"Whenever I go into a restaurant, I order both a chicken and an egg to see which comes first"

Monday, February 28, 2022

The Death Of Ivan Ilyich–Tolstoy And The Final Irrelevance Of The Past

Tolstoy’s The Death of Ivan Ilyich is a story about an arrogant man who keeps life at a distance.  He is proper, punctual, and dutifully responsible at work, but is indifferent to his colleagues.  He is an equally dutiful husband, but one without love or affection.  Life is an intrusion, he feels, a nuisance, an unpredictable mess best kept simple and uninvolved.  Since he has ordered his life so completely, the prospect of intrusion, sickness or death are only possibilities. 

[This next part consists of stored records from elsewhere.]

(* Let $k\ge 1$ and $1\le m\le k$, and let $v_0,\pi_1,v_1,\dots,\pi_k$ be generated by Approximate Value Iteration with errors $\epsilon_1,\dots,\epsilon_{k-1}$ (for any choice of greedy policies). Let $\epsilon=\max_{1\le j<k}\operatorname{span}(\epsilon_j)$ (with $\epsilon=0$ if $k=1$). Let $\pi_{k,m}$ be the periodic non-stationary policy $\pi_k\,\pi_{k-1}\cdots\pi_{k-m+1}\,\pi_k\,\pi_{k-1}\cdots\pi_{k-m+1}\cdots$. Then $$\|v_*-v_{\pi_{k,m}}\|_\infty \le \frac{1}{1-\gamma^m}\left(\frac{\gamma-\gamma^k}{1-\gamma}\,\epsilon+\gamma^k\operatorname{span}(v_*-v_0)\right).$$
   Context: A Markov Decision Process with finite state space $S$, finite action space $A$, reward function $r(s,a)$, transition probabilities $p(s'|s,a)$ and discount factor $\gamma\in[0,1)$. For a (deterministic, stationary) policy $\pi:S\to A$, let $r_\pi(s)=r(s,\pi(s))$, let $P_\pi$ be the stochastic matrix $P_\pi(s,s')=p(s'|s,\pi(s))$, and let $T_\pi v=r_\pi+\gamma P_\pi v$ be the Bellman operator of $\pi$; $v_\pi$ is its unique fixed point (the expected $\gamma$-discounted total reward of $\pi$). The Bellman optimality operator is $Tv=\max_\pi T_\pi v$ (componentwise), $v_*$ is its fixed point (the optimal value), and a policy $\pi$ is greedy with respect to $v$ if $T_\pi v=Tv$. For a function $f:S\to\mathbb R$, $\operatorname{span}(f)=\max_s f(s)-\min_s f(s)$. Approximate Value Iteration: starting from an arbitrary $v_0:S\to\mathbb R$, for $j\ge 0$ pick any policy $\pi_{j+1}$ greedy with respect to $v_j$ and set $v_{j+1}=T_{\pi_{j+1}}v_j+\epsilon_{j+1}$, where $\epsilon_{j+1}:S\to\mathbb R$ are arbitrary error terms. A non-stationary policy $\sigma_0\sigma_1\sigma_2\cdots$ uses policy $\sigma_t$ at time $t$; its value is the expected $\gamma$-discounted total reward $v=\sum_{t\ge0}\gamma^t P_{\sigma_0}\cdots P_{\sigma_{t-1}} r_{\sigma_t}$. For the periodic policy $\pi_{k,m}$ this value satisfies $v_{\pi_{k,m}}=T_{\pi_k}T_{\pi_{k-1}}\cdots T_{\pi_{k-m+1}}v_{\pi_{k,m}}$. *)

From HB Require Import structures.
From mathcomp Require Import all_boot all_order all_algebra.
Set Implicit Arguments. Unset Strict Implicit. Unset Printing Implicit Defensive.
Import Order.TTheory GRing.Theory Num.Theory.
Local Open Scope ring_scope.

Section MDP.
Variables (R : realFieldType) (S A : finType).

(* A finite MDP: rewards r, transition kernel p (p s a s' = p(s'|s,a)), discount gamma. *)
Record mdp := MDP {
  rew : S -> A -> R;
  trans : S -> A -> S -> R;
  gamma : R }.

Definition is_mdp (M : mdp) : Prop :=
  (forall s a s', 0 <= trans M s a s') /\
  (forall s a, \sum_(s' : S) trans M s a s' = 1) /\
  0 <= gamma M /\ gamma M < 1.

Definition qval (M : mdp) (v : S -> R) (s : S) (a : A) : R :=
  rew M s a + gamma M * \sum_(s' : S) trans M s a s' * v s'.

Definition Tpi (M : mdp) (pi : S -> A) (v : S -> R) : S -> R :=
  fun s => qval M v s (pi s).

Definition is_max_over (q : A -> R) (x : R) : Prop :=
  (exists a, x = q a) /\ (forall a, q a <= x).

Definition is_Toptimal (M : mdp) (v w : S -> R) : Prop :=
  forall s, is_max_over (qval M v s) (w s).

Definition is_optimal_value (M : mdp) (vstar : S -> R) : Prop :=
  is_Toptimal M vstar vstar.

Definition greedy (M : mdp) (pi : S -> A) (v : S -> R) : Prop :=
  is_Toptimal M v (Tpi M pi v).

Definition avi_run (M : mdp) (k : nat) (v : nat -> S -> R) (pi : nat -> S -> A)
    (eps : nat -> S -> R) : Prop :=
  (forall j, (j < k)%N -> greedy M (pi j.+1) (v j)) /\
  (forall j, (j.+1 < k)%N -> v j.+1 = (fun s => Tpi M (pi j.+1) (v j) s + eps j.+1 s)).

Definition sup_norm (f : S -> R) : R := \big[Num.max/0]_(s : S) `|f s|.

(* fspan f = span f = max_s f s - min_s f s, written as max_{s,t} (f s - f t)
   (the two coincide; both are 0 for an empty state space). *)
Definition fspan (f : S -> R) : R :=
  \big[Num.max/0]_(s : S) \big[Num.max/0]_(t : S) (f s - f t).

(* T_{pi_{k-m+1+i-1}} ... T_{pi_{k-m+1}} w ; for i = m this is
   T_{pi_k} T_{pi_{k-1}} ... T_{pi_{k-m+1}} w. *)
Fixpoint Tcycle (M : mdp) (pi : nat -> S -> A) (k m i : nat) (w : S -> R) : S -> R :=
  match i with
  | 0 => w
  | i'.+1 => Tpi M (pi (k - m + 1 + i')%N) (Tcycle M pi k m i' w)
  end.

(* value of the periodic non-stationary policy pi_{k,m}: the (unique) fixed point of
   T_{pi_k} ... T_{pi_{k-m+1}}. *)
Definition is_periodic_value (M : mdp) (pi : nat -> S -> A) (k m : nat) (w : S -> R) : Prop :=
  w = Tcycle M pi k m m w.

End MDP.

From HB Require Import structures.
From mathcomp Require Import all_boot all_order all_algebra.
From mathcomp Require Import ring lra zify.
Import Order.TTheory GRing.Theory Num.Theory.
Set Implicit Arguments. Unset Strict Implicit. Unset Printing Implicit Defensive.
Local Open Scope ring_scope.

(** Let w_j be v* pushed through T_{pi_{k-m+1}}, ..., T_{pi_j}, so that w_j = v*
    for j <= k - m and w_k = T_{pi_k} ... T_{pi_{k-m+1}} v*. The sum of one-sided
    gaps (v* - v_j)(s) + (v_j - w_j)(t), at two arbitrary states s and t,
    contracts by gamma at each iteration: greediness of pi_{j+1} bounds the first
    gap, and T_pi v* <= v* bounds the second. The error only adds
    eps_{j+1}(t) - eps_{j+1}(s) <= span eps_{j+1}; evaluating the gaps at
    different states is what makes spans, not sup norms, appear. After k steps
    0 <= v* - w_k <= B, with B the bracket of the theorem. Since
    T_{pi_k} ... T_{pi_{k-m+1}} is a monotone gamma^m-contraction with fixed
    point v_{pi_{k,m}}, the gap v* - v_{pi_{k,m}} lies in [0, B / (1 - gamma^m)]. *)

Section Averages.
Variables (R : realFieldType) (S : finType) (p : S -> R).
Hypotheses (p_ge0 : forall u, 0 <= p u) (p_sum1 : \sum_u p u = 1).

Lemma avg_le (f : S -> R) (b : R) : (forall u, f u <= b) -> \sum_u p u * f u <= b.
Proof.
move=> fb; apply: le_trans (ler_sum _ (fun u _ => ler_wpM2l (p_ge0 u) (fb u))) _.
by rewrite -mulr_suml p_sum1 mul1r.
Qed.

Lemma avg_ge (f : S -> R) (a : R) : (forall u, a <= f u) -> a <= \sum_u p u * f u.
Proof.
move=> fa; apply: le_trans _ (ler_sum _ (fun u _ => ler_wpM2l (p_ge0 u) (fa u))).
by rewrite -mulr_suml p_sum1 mul1r.
Qed.

Lemma avg_addl (f : S -> R) (c : R) : \sum_u p u * (c + f u) = c + \sum_u p u * f u.
Proof.
under eq_bigr do rewrite mulrDr.
by rewrite big_split /= -mulr_suml p_sum1 mul1r.
Qed.

End Averages.

Lemma avg2_le (R : realFieldType) (S : finType) (p q f h : S -> R) (c : R) :
  (forall u, 0 <= p u) -> \sum_u p u = 1 ->
  (forall u, 0 <= q u) -> \sum_u q u = 1 ->
  (forall u u', f u + h u' <= c) ->
  \sum_u p u * f u + \sum_u q u * h u <= c.
Proof.
move=> p0 p1 q0 q1 fh.
rewrite addrC -(avg_addl p1); apply: avg_le => // u.
by rewrite addrC -(avg_addl q1); apply: avg_le => // u'; rewrite addrC.
Qed.

Lemma le_fspan (R : realFieldType) (S : finType) (f : S -> R) (s t : S) :
  f s - f t <= fspan f.
Proof.
apply: le_trans (le_bigmax _ (fun s' => \big[Num.max/0]_t' (f s' - f t')) s).
exact: (le_bigmax _ (fun t' => f s - f t') t).
Qed.

Lemma fspan_ge0 (R : realFieldType) (S : finType) (f : S -> R) : 0 <= fspan f.
Proof. by rewrite /fspan bigmax_idl le_max lexx. Qed.

Lemma sup_norm_le (R : realFieldType) (S : finType) (f : S -> R) (b : R) :
  0 <= b -> (forall s, `|f s| <= b) -> sup_norm f <= b.
Proof. by move=> b0 fb; apply: bigmax_le. Qed.

(* Only the lower half of the contraction property is assumed: the upper half
   follows by exchanging x and y. *)
Lemma fixpoint_gap (R : realFieldType) (S : finType) (F : (S -> R) -> S -> R)
    (G B : R) (x y : S -> R) :
  G < 1 ->
  (forall x y a, (forall u, a <= x u - y u) -> forall s, G * a <= F x s - F y s) ->
  y = F y -> (forall s, 0 <= x s - F x s <= B) ->
  forall s, 0 <= x s - y s <= (1 - G)^-1 * B.
Proof.
move=> G1 Fcontr yF xF s.
pose d u := x u - y u.
have dF u : d u = (x u - F x u) + (F x u - F y u) by rewrite /d {1}yF; ring.
have [tm _ dm] := arg_minP d (isT : predT s).
have [tM _ dM] := arg_maxP d (isT : predT s).
have lo := Fcontr x y (d tm) (fun u => dm u isT).
have up : forall u, G * - d tM <= F y u - F x u.
  by apply: Fcontr => u; move: (dM u isT); rewrite /d /=; lra.
have G1' : 0 < 1 - G by rewrite subr_gt0.
have dm0 : 0 <= d tm.
  rewrite -(pmulr_lge0 _ G1'); have /andP[xF0 _] := xF tm.
  by move: (dF tm) (lo tm); lra.
have dMB : d tM <= (1 - G)^-1 * B.
  rewrite ler_pdivlMl //; have /andP[_ xFB] := xF tM.
  by move: (dF tM) (up tM); lra.
apply/andP; split; first exact: le_trans dm0 (dm s isT).
exact: le_trans (dM s isT) dMB.
Qed.

Section MDP.
Variables (R : realFieldType) (S A : finType) (M : mdp R S A).
Local Notation g := (gamma M).

Lemma qvalB (x y : S -> R) (s : S) (a : A) :
  qval M x s a - qval M y s a = g * \sum_u trans M s a u * (x u - y u).
Proof.
rewrite /qval; under [X in _ = _ * X]eq_bigr do rewrite mulrBr.
rewrite sumrB; ring.
Qed.

Lemma Tpi_le_opt (vstar : S -> R) (pi : S -> A) (s : S) :
  is_optimal_value M vstar -> Tpi M pi vstar s <= vstar s.
Proof. by move=> Hopt; apply: (Hopt s).2. Qed.

Hypothesis HM : is_mdp M.

Let trans_ge0 s a u : 0 <= trans M s a u. Proof. by case: HM. Qed.
Let trans_sum1 s a : \sum_u trans M s a u = 1. Proof. by case: HM => _ []. Qed.
Let gamma_ge0 : 0 <= g. Proof. by case: HM => _ [_ []]. Qed.

Lemma TpiB_ge (pi : S -> A) (x y : S -> R) (a : R) :
  (forall u, a <= x u - y u) -> forall s, g * a <= Tpi M pi x s - Tpi M pi y s.
Proof. by move=> xy s; rewrite /Tpi qvalB ler_wpM2l // avg_ge. Qed.

Lemma TcycleB_ge (pi : nat -> S -> A) (k m i : nat) (x y : S -> R) (a : R) :
  (forall u, a <= x u - y u) ->
  forall s, g ^+ i * a <= Tcycle M pi k m i x s - Tcycle M pi k m i y s.
Proof.
move=> xy; elim: i => [|i IH] s /=; first by rewrite mul1r.
by rewrite exprS -mulrA; apply: TpiB_ge.
Qed.

Lemma Tcycle_le_opt (pi : nat -> S -> A) (k m i : nat) (vstar : S -> R) :
  is_optimal_value M vstar -> forall s, Tcycle M pi k m i vstar s <= vstar s.
Proof.
move=> Hopt; elim: i => [|i IH] s //=.
apply: le_trans (Tpi_le_opt _ s Hopt); rewrite -subr_ge0.
by rewrite -[0](mulr0 g); apply: TpiB_ge => u; rewrite subr_ge0.
Qed.

Lemma gap_step (vstar x w w' : S -> R) (pi : S -> A) (c : R) :
  is_optimal_value M vstar -> greedy M pi x ->
  (forall u, Tpi M pi w u <= w' u) ->
  (forall u u', vstar u - x u + (x u' - w u') <= c) ->
  forall s t, vstar s - Tpi M pi x s + (Tpi M pi x t - w' t) <= g * c.
Proof.
move=> Hopt Hgr ww' Hc s t.
have [[a va] _] := Hopt s.
have gap_s : vstar s - Tpi M pi x s <= g * \sum_u trans M s a u * (vstar u - x u).
  by rewrite -qvalB -va; move: ((Hgr s).2 a); lra.
have gap_t : Tpi M pi x t - w' t <= g * \sum_u trans M t (pi t) u * (x u - w u).
  by rewrite -qvalB; move: (ww' t); rewrite /Tpi; lra.
have := avg2_le (trans_ge0 s a) (trans_sum1 s a)
  (trans_ge0 t (pi t)) (trans_sum1 t (pi t)) Hc.
by move/(ler_wpM2l gamma_ge0); rewrite mulrDr; lra.
Qed.

Section AVIRun.
Variables (k m : nat) (v : nat -> S -> R) (pi : nat -> S -> A).
Variables (eps : nat -> S -> R) (vstar : S -> R).
Hypotheses (Havi : avi_run M k v pi eps) (Hopt : is_optimal_value M vstar).

Local Notation epsilon := (\big[Num.max/0]_(1 <= j < k) fspan (eps j)).
Local Notation D := (fspan (fun s => vstar s - v 0%N s)).

Definition partial_cycle (j : nat) : S -> R := Tcycle M pi k m (j - (k - m)) vstar.

Lemma partial_cycle_step (j : nat) (u : S) :
  Tpi M (pi j.+1) (partial_cycle j) u <= partial_cycle j.+1 u.
Proof.
rewrite /partial_cycle; case: (ltnP j (k - m)) => Hj.
  have [-> ->] : (j.+1 - (k - m) = 0 /\ j - (k - m) = 0)%N by lia.
  exact: Tpi_le_opt.
have -> : (j.+1 - (k - m) = (j - (k - m)).+1)%N by lia.
by rewrite /= (_ : k - m + 1 + _ = j.+1)%N //; lia.
Qed.

Let gamma_neq1 : 1 - g != 0.
Proof. by case: HM => _ [_ [_ g1]]; rewrite subr_eq0 eq_sym lt_eqF. Qed.

Lemma avi_gap (j : nat) : (j < k)%N -> forall s t,
  vstar s - v j s + (v j t - partial_cycle j t)
    <= g ^+ j * D + (1 - g ^+ j) / (1 - g) * epsilon.
Proof.
elim: j => [|j IH] jk s t.
  rewrite /partial_cycle sub0n expr0 subrr !mul0r addr0 mul1r.
  by move: (le_fspan (fun s => vstar s - v 0%N s) s t) => /=; lra.
have jk' : (j < k)%N by lia.
have eps_t_s : eps j.+1 t - eps j.+1 s <= epsilon.
  apply: le_trans (le_fspan _ t s) _.
  by apply: (le_bigmax_seq 0 j.+1 xpredT) => //; rewrite mem_index_iota; lia.
have step := gap_step Hopt (Havi.1 j jk') (@partial_cycle_step j) (IH jk') s t.
have geom : g * (g ^+ j * D + (1 - g ^+ j) / (1 - g) * epsilon) + epsilon
    = g ^+ j.+1 * D + (1 - g ^+ j.+1) / (1 - g) * epsilon.
  by rewrite exprS; field.
by rewrite (Havi.2 j jk) -geom; lra.
Qed.

Lemma avi_cycle_gap : (1 <= k)%N -> (m <= k)%N -> forall s,
  vstar s - Tcycle M pi k m m vstar s
    <= (g - g ^+ k) / (1 - g) * epsilon + g ^+ k * D.
Proof.
move=> k1 mk s.
have -> : Tcycle M pi k m m vstar = partial_cycle k.
  by rewrite /partial_cycle (_ : k - (k - m) = m)%N //; lia.
have k1' : (k.-1 < k)%N by lia.
have := gap_step Hopt (Havi.1 _ k1') (@partial_cycle_step k.-1) (avi_gap k1') s s.
have gk : g ^+ k = g * g ^+ k.-1 by rewrite -exprS prednK.
rewrite prednK // gk.
have -> : g * (g ^+ k.-1 * D + (1 - g ^+ k.-1) / (1 - g) * epsilon)
    = (g - g * g ^+ k.-1) / (1 - g) * epsilon + g * g ^+ k.-1 * D by field.
lra.
Qed.

End AVIRun.

End MDP.

Theorem theorem2 (R : realFieldType) (S A : finType) (M : mdp R S A)
  (k m : nat) (v : nat -> S -> R) (pi : nat -> S -> A) (eps : nat -> S -> R)
  (vstar vpi : S -> R) :
  is_mdp M ->
  (1 <= k)%N -> (1 <= m)%N -> (m <= k)%N ->
  avi_run M k v pi eps ->
  is_optimal_value M vstar ->
  is_periodic_value M pi k m vpi ->
  let epsilon := \big[Num.max/0]_(1 <= j < k) fspan (eps j) in
  let g := gamma M in
  sup_norm (fun s => vstar s - vpi s)
    <= (1 - g ^+ m)^-1 *
       ((g - g ^+ k) / (1 - g) * epsilon + g ^+ k * fspan (fun s => vstar s - v 0%N s)).
Proof.
move=> HM k1 m1 mk Havi Hopt Hper; cbv zeta.
set epsilon := \big[Num.max/0]_(1 <= j < k) _; set g := gamma M.
have [_ [_ [g0 g1]]] := HM; rewrite -/g in g0 g1; have g1' := ltW g1.
have gm1 : g ^+ m < 1 by rewrite exprn_ilt1 // -lt0n.
set B := (g - g ^+ k) / (1 - g) * epsilon + _.
have cycle_gap s : 0 <= vstar s - Tcycle M pi k m m vstar s <= B.
  by rewrite subr_ge0 Tcycle_le_opt //=; exact: (avi_cycle_gap HM Havi Hopt k1 mk).
have gap := fixpoint_gap gm1 (TcycleB_ge HM pi k m m) Hper cycle_gap.
have B0 : 0 <= B.
  have gk : g ^+ k <= g by rewrite -{2}(expr1 g) ler_wiXn2l.
  have eps0 : 0 <= epsilon by rewrite /epsilon bigmax_idl le_max lexx.
  by rewrite addr_ge0 // ?mulr_ge0 ?divr_ge0 ?exprn_ge0 ?fspan_ge0 ?invr_ge0 ?subr_ge0.
apply: sup_norm_le => [|s]; first by rewrite mulr_ge0 // invr_ge0 subr_ge0 ltW.
by have /andP[d0 dB] := gap s; rewrite ger0_norm.
Qed.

Image result for images death of ivan ilyich

He learns that he has cancer, and after going through four of the five Kubler-Ross stages of dying – denial, anger, bargaining, depression – he cannot face the fifth, acceptance.  How can he possibly accept nothingness, the meaningless of the past, and the desperately frightening, unknown future?  As he becomes more ill and necessarily withdraws from his old, familiar life, he finds that he is not missed.  His colleagues discuss the disposition of his office and affairs.  His wife plans a happier, more independent life.  The world he has so carefully constructed is not only of no use whatsoever, but it is a house of cards.  Whatever bonhomie, good will, and friendship he was shown was nothing but a sham, a shameless disregard.

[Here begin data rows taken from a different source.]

Lemma dominated_by_O41 (c : seq nat -> R) :
  (forall x, 0 <= form_eval (exps 4 8) c x <= form_eval (exps 4 8) O41_coef x) ->
  {in exps 4 8, forall e, c e = c [:: 4; 0; 2; 2]%N * O41_coef e}.
Proof.
move=> c_le.
have c_out : {in exps 4 8, forall e, e \notin O41_newton -> c e = 0}.
  move=> e Ee e_out; have /allP/(_ e Ee) := O41_newton_isolated.
  rewrite (negbTE e_out) => /hasP[k _ /andP[/eqP e_alone /allP light]].
  by apply: (dominated_light_coef_eq0 c_le e_alone) => f _ /O41_coef_supp /light.
have c_ge0 x : 0 <= form_eval (exps 4 8) c x by case/andP: (c_le x).
have c_sign0 k : form_eval (exps 4 8) c (sign4 k) = 0.
  apply/eqP; rewrite eq_le c_ge0 andbT; have /andP[_] := c_le (sign4 k).
  by rewrite form_eval_O41_coef O41_fun_eq0 // sqrr_sign.
have newton_sum (c' : seq nat -> R) k :
    {in exps 4 8, forall e, e \notin O41_newton -> c' e = 0} ->
    form_eval (exps 4 8) c' (sign4 k) = \sum_(e <- O41_newton) c' e * (-1) ^+ weight 4 k e.
  by move=> c'_out; rewrite (form_eval_filter _ filter_O41_newton c'_out) form_eval_sign_vec.
move=> e Ee; case: (boolP (e \in O41_newton)) => [|e_out]; last first.
  rewrite c_out // [O41_coef e](_ : _ = 0) ?mulr0 //.
  by move: e_out; apply: contraNeq => /O41_coef_supp /O41_supp_newton.
apply: O41_newton_sign_system => [k | k i]; first by rewrite -newton_sum // c_sign0.
rewrite -(newton_sum (fun e => (nth 0%N e i)%:R * c e)) => [|f Ef f_out]; last first.
  by rewrite c_out ?mulr0.
exact: nonneg_form_euler_eq0 c_ge0 (c_sign0 k).
Qed.

Lemma O41_ge0 x : 0 <= (O41 R).@[x].
Proof. by rewrite meval_O41 O41_fun_ge0. Qed.

Lemma meval_O41_coef x : (O41 R).@[x] = form_eval (exps 4 8) O41_coef x.
Proof. by rewrite meval_O41 form_eval_O41_coef. Qed.

Definition pt1011 : 'I_4 -> R := fun j => (j != 1%N :> nat)%:R.

Lemma meval_O41_pt1011 : (O41 R).@[pt1011] = 1.
Proof. by rewrite meval_O41 /pt1011 !inordK //= /O41_fun; ring. Qed.

(* [O41 R] is dominated by itself, so its coefficients are proportional to
   [O41_coef]; the factor is read off at [pt1011]. *)
Lemma O41_coef_mnm : {in exps 4 8, forall e, (O41 R)@_(mnm_of_seq 4 e) = O41_coef e}.
Proof.
pose cO e := (O41 R)@_(mnm_of_seq 4 e).
have form_eval_cO x : form_eval (exps 4 8) cO x = (O41 R).@[x].
  by rewrite -meval_exps // O41_homog.
have cO_le x : 0 <= form_eval (exps 4 8) cO x <= form_eval (exps 4 8) O41_coef x.
  by rewrite form_eval_cO -meval_O41_coef lexx O41_ge0.
have cOE := dominated_by_O41 cO_le.
suff cO1 : cO [:: 4; 0; 2; 2]%N = 1 by move=> e /cOE; rewrite cO1 mul1r.
have : form_eval (exps 4 8) cO pt1011 = cO [:: 4; 0; 2; 2]%N * (O41 R).@[pt1011].
  by rewrite meval_O41_coef mulr_sumr; apply: eq_big_seq => e /cOE ->; rewrite mulrA.
by rewrite form_eval_cO meval_O41_pt1011 mulr1.
Qed.

Lemma O41_summand_proportional G H : psd_form 8 G -> psd_form 8 H -> O41 R = G + H ->
  exists2 l, 0 <= l & G = l *: O41 R.
Proof.
case=> G_homog G_ge0 [_ H_ge0] O41E; pose c e := G@_(mnm_of_seq 4 e).
have G_le x : G.@[x] <= (O41 R).@[x] by rewrite O41E mevalD lerDl.
have cE : {in exps 4 8, forall e, c e = c [:: 4; 0; 2; 2]%N * O41_coef e}.
  by apply: dominated_by_O41 => x; rewrite -meval_exps // -meval_O41_coef G_ge0 G_le.
have G_eq : G = c [:: 4; 0; 2; 2]%N *: O41 R.
  apply: (@homog_exps_coefP _ _ 8) => //; first exact: dhomogZ O41_homog.
  by move=> e Ee; rewrite mcoeffZ O41_coef_mnm // -cE.
exists (c [:: 4; 0; 2; 2]%N) => //.
by have := G_ge0 pt1011; rewrite G_eq mevalZ meval_O41_pt1011 mulr1.
Qed.
End O41.

Theorem theorem1 (R : realType) : extremal_psd 8 (O41 R).
Proof.
split=> [|F1 F2 F1_psd F2_psd O41E]; first by split; [exact: O41_homog | exact: O41_ge0].
have [l1 l1_ge0 F1E] := O41_summand_proportional F1_psd F2_psd O41E.
have [l2 l2_ge0 F2E] := O41_summand_proportional F2_psd F1_psd (etrans O41E (addrC F1 F2)).
by exists l1, l2.
Qed.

Acceptance of death for Ivan Ilyich is particularly difficult because of the nature of his past.  It is not one of fond memories, happy reminiscences, and nostalgia.  It is one without feeling and substance.  In his desire to keep bothersome people, events, and happenstance at bay, he has created a soulless existence and now turned into meaningless past.

An acquaintance commenting on the slow death of a friend, remarked, “Well, he had a good life”.  Memories of what he accomplished, whom he had loved, where he had travelled will sustain him in his last moments, suggested the acquaintance.  Tolstoy disagrees.  Not only do we face death entirely alone, but the successes, failures, loves, misfortunes, and adventures of the past have no relevance whatsoever.  Looking into the dark, unknowable abyss no memory – as meanspirited and hard-bitten as it might be – can pull Ivan Ilyich back from the dark hole of non-being.

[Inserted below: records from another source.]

Section unit_polydisc.
Context {R : realType} {d : nat}.
Implicit Types u : 'I_d -> R[i].

Definition polydisc u := forall k, `|u k| <= 1.

Lemma normc_le_supnormC u k : normc (u k) <= supnormC u.
Proof. exact: (le_bigmax _ (fun k => normc (u k))). Qed.

Lemma supnormC_le u (x : R) :
  0 <= x -> (forall k, normc (u k) <= x) -> supnormC u <= x.
Proof. by move=> x0 ux; apply: bigmax_le => // k _; exact: ux. Qed.

Lemma supnormC_eq1_polydisc u : supnormC u = 1 -> polydisc u.
Proof. by move=> u1 k; rewrite lec_normc -u1 normc_le_supnormC. Qed.

Lemma supnormC1 : (0 < d)%N -> supnormC (fun _ : 'I_d => 1 : R[i]) = 1.
Proof.
move=> d_gt0; apply/le_anti/andP; split.
  by apply: supnormC_le => // k; rewrite normc1.
by have := normc_le_supnormC (fun=> 1) (Ordinal d_gt0); rewrite normc1.
Qed.

Lemma polydisc_scale_sphere u : (0 < d)%N -> polydisc u ->
  exists (c : R) v, [/\ 0 <= c <= 1, supnormC v = 1 & u = fun k => c%:C * v k].
Proof.
move=> d_gt0 ud; have [k0 _ uk0] := eq_bigmax (Ordinal d_gt0) predT
  (fun k => normc (u k)) isT (fun k _ => normc_ge0 (u k)).
have c0 : 0 <= supnormC u by rewrite /supnormC uk0 normc_ge0.
have c1 : supnormC u <= 1 by apply: supnormC_le => // k; rewrite -lec_normc.
have [u0|u_neq0] := eqVneq (supnormC u) 0.
  exists 0, (fun=> 1); split; rewrite ?lexx ?ler01 ?supnormC1 //.
  apply/funext => k; rewrite rmorph0 mul0r; apply: eq0_normc; apply/le_anti.
  by rewrite normc_ge0 -u0 normc_le_supnormC.
exists (supnormC u), (fun k => (supnormC u)^-1%:C * u k); split.
- by rewrite c0 c1.
- apply/le_anti/andP; split.
    apply: supnormC_le => // k; rewrite normcM normc_real ger0_norm ?invr_ge0 //.
    by rewrite ler_pdivrMl ?lt_def ?u_neq0 // mulr1 normc_le_supnormC.
  apply: le_trans (normc_le_supnormC _ k0).
  by rewrite normcM normc_real ger0_norm ?invr_ge0 // -uk0 mulVf.
- by apply/funext => k; rewrite mulrA -rmorphM divff ?mul1r.
Qed.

He eventually, but only in his last minutes of life, is suddenly unafraid.  He was afraid of the act of dying, he thinks, not death itself.

“And death…where is it?”

He sought his former accustomed fear of death and did not find it. “Where is it? What death?” There was no fear because there was no death.

In place of death there was light.

“So that’s what it is!” he suddenly exclaimed aloud. “What joy!”

In his final moments, he is able both to let go of the past and embrace his unknowable future.  In those final moments he – like all of those near death - is totally, completely, inexorably alone.

What dying man – like the remembered friend suffering from advanced Parkinson’s - thinks of his law partnership and court cases he has won, lucrative Wall Street investments, winters in Gstaad and summers in St. Tropez? Or lost loves? Or awards, children’s marriages, or his own long marital partnership? 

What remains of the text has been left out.